> RECORD SET
☆ ☆ ☆ ☆ ☆
(* Let $G$ be a finite group, let $p$ be a prime, and let $A$ be a subgroup of $G$ of maximum order among the self-centralizing subgroups of $G$ (subgroups $B$ with $C_G(B)=B$). \begin{enumerate} \item If $|G:A|=p$ and $|G:Z(G)|=p^i$ with $i>2$, then $A$ is the unique self-centralizing subgroup of $G$ of maximum order. The same conclusion holds if $p$ is the smallest prime divisor of $|G|$, $|G:A|=p$ and $|G:Z(G)|>p^2$. \item If $|G:A|=p^2$, $|G:Z(G)|=p^i$ with $i>4$, and $G$ possesses a subgroup $T$ of index $p$ in $G$ whose center has index $p^3$ in $G$, then $T$ is the unique subgroup of $G$ of index $p$ whose center has index $p^3$ in $G$. The same conclusion holds if $p$ is the smallest prime divisor of $|G|$, $|G:A|=p^2$, $|G:Z(G)|>p^4$, and $G$ possesses such a subgroup $T$. \item If $|G:A|=p^2$, $|G:Z(G)|=p^i$ with $i>4$, and $G$ does not possess a subgroup of index $p$ in $G$ whose center has index $p^3$ in $G$, then $A$ is the unique self-centralizing subgroup of $G$ of maximum order. The same conclusion holds if $p$ is the smallest prime divisor of $|G|$, $|G:A|=p^2$, $|G:Z(G)|>p^4$, and $G$ does not possess such a subgroup. \end{enumerate} *)

From mathcomp Require Import all_boot all_fingroup all_solvable.
Set Implicit Arguments. Unset Strict Implicit. Unset Printing Implicit Defensive.
Local Open Scope group_scope.

Definition self_centralizing (gT : finGroupType) (G B : {group gT}) : Prop :=
  B \subset G /\ 'C_G(B) = B.

Definition max_self_centralizing (gT : finGroupType) (G A : {group gT}) : Prop :=
  self_centralizing G A /\
  forall B : {group gT}, self_centralizing G B -> (#|B| <= #|A|)%N.

Definition unique_max_self_centralizing (gT : finGroupType) (G A : {group gT}) : Prop :=
  max_self_centralizing G A /\
  forall B : {group gT}, max_self_centralizing G B -> B = A.

Definition index_p_center_p3 (gT : finGroupType) (G : {group gT}) (p : nat)
  (T : {group gT}) : Prop :=
  T \subset G /\ (#|G : T| = p)%N /\ (#|G : 'Z(T)| = p ^ 3)%N.

From mathcomp Require Import all_boot all_fingroup all_solvable.
Set Implicit Arguments.
Unset Strict Implicit.
Unset Printing Implicit Defensive.

Local Open Scope group_scope.

(* If X, Y <= G and X :&: Y <= W <= G, the product formula gives
   |G:W| |G:<X,Y>| <= |G:X| |G:Y|.  Self-centralizing subgroups are abelian,
   and every abelian subgroup lies in a maximal abelian one, which is
   self-centralizing; so two distinct maximal ones A, B meet in the center of
   H = <A,B>, whence |H:Z(H)| <= |H:A|^2.  If |G:A| = p then H = G and
   |G:Z(G)| <= p^2.  If |G:A| = p^2, either H = G and |G:Z(G)| <= p^4, or
   |G:H| = |H:A| = p and |A:Z(H)| is a divisor of |G:Z(G)| in ]1, p], hence p
   when p is the least prime dividing |G:Z(G)|: then H has index p and
   |G:Z(H)| = p^3.  Finally, for two such subgroups T <> T', either
   Z(T') is not in T and Z(T) :&: T' is central in G = <T, Z(T')>, or
   Z(T) Z(T') is abelian (so of order at most |A|) and Z(T) :&: Z(T') is
   central in G = <T, T'>; both give |G:Z(G)| <= p^4. *)

Lemma pdiv_leq_pdiv_dvd m d : (1 < d)%N -> (d %| m)%N -> (pdiv m <= pdiv d)%N.
Proof.
move=> d_gt1 dv_dm; apply: pdiv_min_dvd (prime_gt1 (pdiv_prime d_gt1)) _.
exact: dvdn_trans (pdiv_dvd d) dv_dm.
Qed.

Section SelfCentralizing.
Variable gT : finGroupType.
Implicit Types G H K A B T X Y W : {group gT}.

Lemma indexg_joinI_leq G X Y W : X \subset G -> Y \subset G -> W \subset G ->
  X :&: Y \subset W -> (#|G : W| * #|G : X <*> Y| <= #|G : X| * #|G : Y|)%N.
Proof.
move=> sXG sYG sWG sXYW; have sJG : X <*> Y \subset G by rewrite join_subG sXG.
have cardXY : (#|X| * #|Y| <= #|W| * #|X <*> Y|)%N.
  rewrite mul_cardG mulnC leq_mul ?subset_leq_card //.
  by rewrite mul_subG ?joing_subl ?joing_subr.
rewrite -(@leq_pmul2l (#|X| * #|Y|)) ?muln_gt0 ?cardG_gt0 // [leqRHS]mulnACA.
rewrite !Lagrange //.
apply: leq_trans (_ : _ <= #|W| * #|X <*> Y| * (#|G : W| * #|G : X <*> Y|))%N _.
  by rewrite leq_mul2r cardXY orbT.
by rewrite mulnACA !Lagrange.
Qed.

Lemma sub_center_joing X Y W : W \subset X <*> Y -> W \subset 'C(X) ->
  W \subset 'C(Y) -> W \subset 'Z(X <*> Y).
Proof. by move=> sWJ cWX cWY; rewrite subsetI sWJ centY subsetI cWX. Qed.

Lemma index_center_joing_abelian X Y : abelian X -> abelian Y ->
  (#|X <*> Y : 'Z(X <*> Y)| <= #|X <*> Y : X| * #|X <*> Y : Y|)%N.
Proof.
move=> cXX cYY; rewrite -[leqLHS]muln1 -(indexgg (X <*> Y)).
apply: indexg_joinI_leq; rewrite ?joing_subl ?joing_subr ?center_sub //.
apply: sub_center_joing.
- exact: subset_trans (subsetIl X Y) (joing_subl X Y).
- exact: subset_trans (subsetIl X Y) cXX.
- exact: subset_trans (subsetIr X Y) cYY.
Qed.

Lemma joing_prime_index G X Y : X \subset G -> prime #|G : X| ->
  Y \subset G -> ~~ (Y \subset X) -> X <*> Y = G.
Proof.
move=> sXG pX sYG nsYX; have /maxgroupP[_ maxX] := p_index_maximal sXG pX.
have sJG : X <*> Y \subset G by rewrite join_subG sXG.
apply/eqP; rewrite eqEsubset sJG /=; apply: contraR nsYX => nsGJ.
by rewrite -(maxX (X <*> Y)%G) ?joing_subr ?joing_subl ?properE ?sJG.
Qed.

Lemma self_centralizing_abelian G B : self_centralizing G B -> abelian B.
Proof. by case=> _ defB; rewrite /abelian -{1}defB subsetIr. Qed.

Lemma center_sub_self_centralizing G B : self_centralizing G B ->
  'Z(G) \subset B.
Proof. by case=> sBG defB; rewrite -defB /center setIS // centS. Qed.

Lemma center_joing_sub_self_centralizing G B X : self_centralizing G B ->
  X \subset G -> 'Z(B <*> X) \subset B.
Proof.
case=> sBG defB sXG; rewrite -{2}defB subsetI.
rewrite (subset_trans (center_sub _)) ?join_subG ?sBG //=.
exact: subset_trans (subsetIr _ _) (centS (joing_subl B X)).
Qed.

Lemma abelian_card_leq_max_self_centralizing G A X :
  max_self_centralizing G A -> X \subset G -> abelian X -> (#|X| <= #|A|)%N.
Proof.
case=> _ maxA sXG cXX.
pose abelian_subG := [pred M : {group gT} | (M \subset G) && abelian M].
have [M /maxgroupP[/andP[sMG cMM] maxM] sXM] :
    {M : {group gT} | maxgroup M abelian_subG & X \subset M}.
  by apply: maxgroup_exists; rewrite /= sXG.
apply: leq_trans (subset_leq_card sXM) (maxA M _); split=> //.
apply/eqP; rewrite eqEsubset subsetI sMG (cMM : M \subset 'C(M)) !andbT.
apply/subsetP=> x /setIP[xG cMx].
have := maxM (M <*> <[x]>)%G; rewrite /= join_subG sMG cycle_subG xG joing_subl.
rewrite abelianY cMM cycle_abelian cycle_subG cMx => /(_ isT isT) defM.
by rewrite -defM mem_gen // inE cycle_id orbT.
Qed.

Lemma card_max_self_centralizing G A B : max_self_centralizing G A ->
  max_self_centralizing G B -> #|B| = #|A|.
Proof. by case=> scA maxA [scB maxB]; apply/eqP; rewrite eqn_leq maxA ?maxB. Qed.

Lemma max_self_centralizing_sub_eq G A B : max_self_centralizing G A ->
  max_self_centralizing G B -> B \subset A -> B = A.
Proof.
move=> mA mB sBA; apply: group_inj; apply/eqP.
by rewrite eqEcard sBA (card_max_self_centralizing mA mB) leqnn.
Qed.

Lemma unique_max_self_centralizing_sub G A : max_self_centralizing G A ->
  (forall B, max_self_centralizing G B -> B \subset A) ->
  unique_max_self_centralizing G A.
Proof.
move=> mA subA; split=> // B mB.
exact: max_self_centralizing_sub_eq mA mB (subA B mB).
Qed.

Lemma leq_indexg_card G H K : H \subset G -> K \subset G -> (#|K| <= #|H|)%N ->
  (#|G : H| <= #|G : K|)%N.
Proof. by move=> sHG sKG leKH; rewrite -!divgS // leq_div2l. Qed.

Lemma index_max_self_centralizing G A B : max_self_centralizing G A ->
  max_self_centralizing G B -> #|G : B| = #|G : A|.
Proof.
move=> mA mB; have [[sAG _] _] := mA; have [[sBG _] _] := mB.
by rewrite -!divgS // (card_max_self_centralizing mA mB).
Qed.

Lemma index_center_leq_joing_max_self_centralizing G A B :
  max_self_centralizing G A -> max_self_centralizing G B -> A <*> B = G ->
  (#|G : 'Z(G)| <= #|G : A| ^ 2)%N.
Proof.
move=> mA mB defG; have [[scA _] [scB _]] := (mA, mB).
have := index_center_joing_abelian (self_centralizing_abelian scA)
  (self_centralizing_abelian scB).
by rewrite defG (index_max_self_centralizing mA mB) mulnn.
Qed.

Lemma unique_max_self_centralizing_index_prime G A p : prime p ->
  max_self_centralizing G A -> #|G : A| = p -> (p ^ 2 < #|G : 'Z(G)|)%N ->
  unique_max_self_centralizing G A.
Proof.
move=> p_pr mA iA ltZ; apply: unique_max_self_centralizing_sub => // B mB.
have [[[sAG _] _] [[sBG _] _]] := (mA, mB).
apply/idPn => nsBA; have pA : prime #|G : A| by rewrite iA.
have := index_center_leq_joing_max_self_centralizing mA mB
  (joing_prime_index sAG pA sBG nsBA).
by rewrite iA leqNgt ltZ.
Qed.

Lemma index_center_leq_of_center_not_sub G T T' p : prime p ->
  index_p_center_p3 G p T -> index_p_center_p3 G p T' -> ~~ ('Z(T') \subset T) ->
  (#|G : 'Z(G)| <= p ^ 4)%N.
Proof.
move=> p_pr [sTG [iT iZT]] [sT'G [iT' _]] nsZT'T.
have sZTG : 'Z(T) \subset G := subset_trans (center_sub T) sTG.
have sZT'G : 'Z(T') \subset G := subset_trans (center_sub T') sT'G.
have pT : prime #|G : T| by rewrite iT.
have defG := joing_prime_index sTG pT sZT'G nsZT'T.
have sZ : 'Z(T) :&: T' \subset 'Z(G).
  rewrite -defG; apply: sub_center_joing.
  - by rewrite defG subIset ?sZTG.
  - exact: subset_trans (subsetIl _ _) (subsetIr _ _).
  - by apply: subset_trans (subsetIr _ _) _; rewrite centsC; apply: subsetIr.
have := indexg_joinI_leq sZTG sT'G (center_sub G) sZ.
rewrite iZT iT' -expnSr => le.
by apply: leq_trans le; rewrite leq_pmulr ?indexg_gt0.
Qed.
☆ ☆ ☆ ☆ ☆
> INSTRUCTIONS FOR THE TASK
Go through the material above and return each line that holds the word "defB".

> REPLY
Proof. by case=> _ defB; rewrite /abelian -{1}defB subsetIr. Qed.
Proof. by case=> sBG defB; rewrite -defB /center setIS // centS. Qed.
case=> sBG defB sXG; rewrite -{2}defB subsetI.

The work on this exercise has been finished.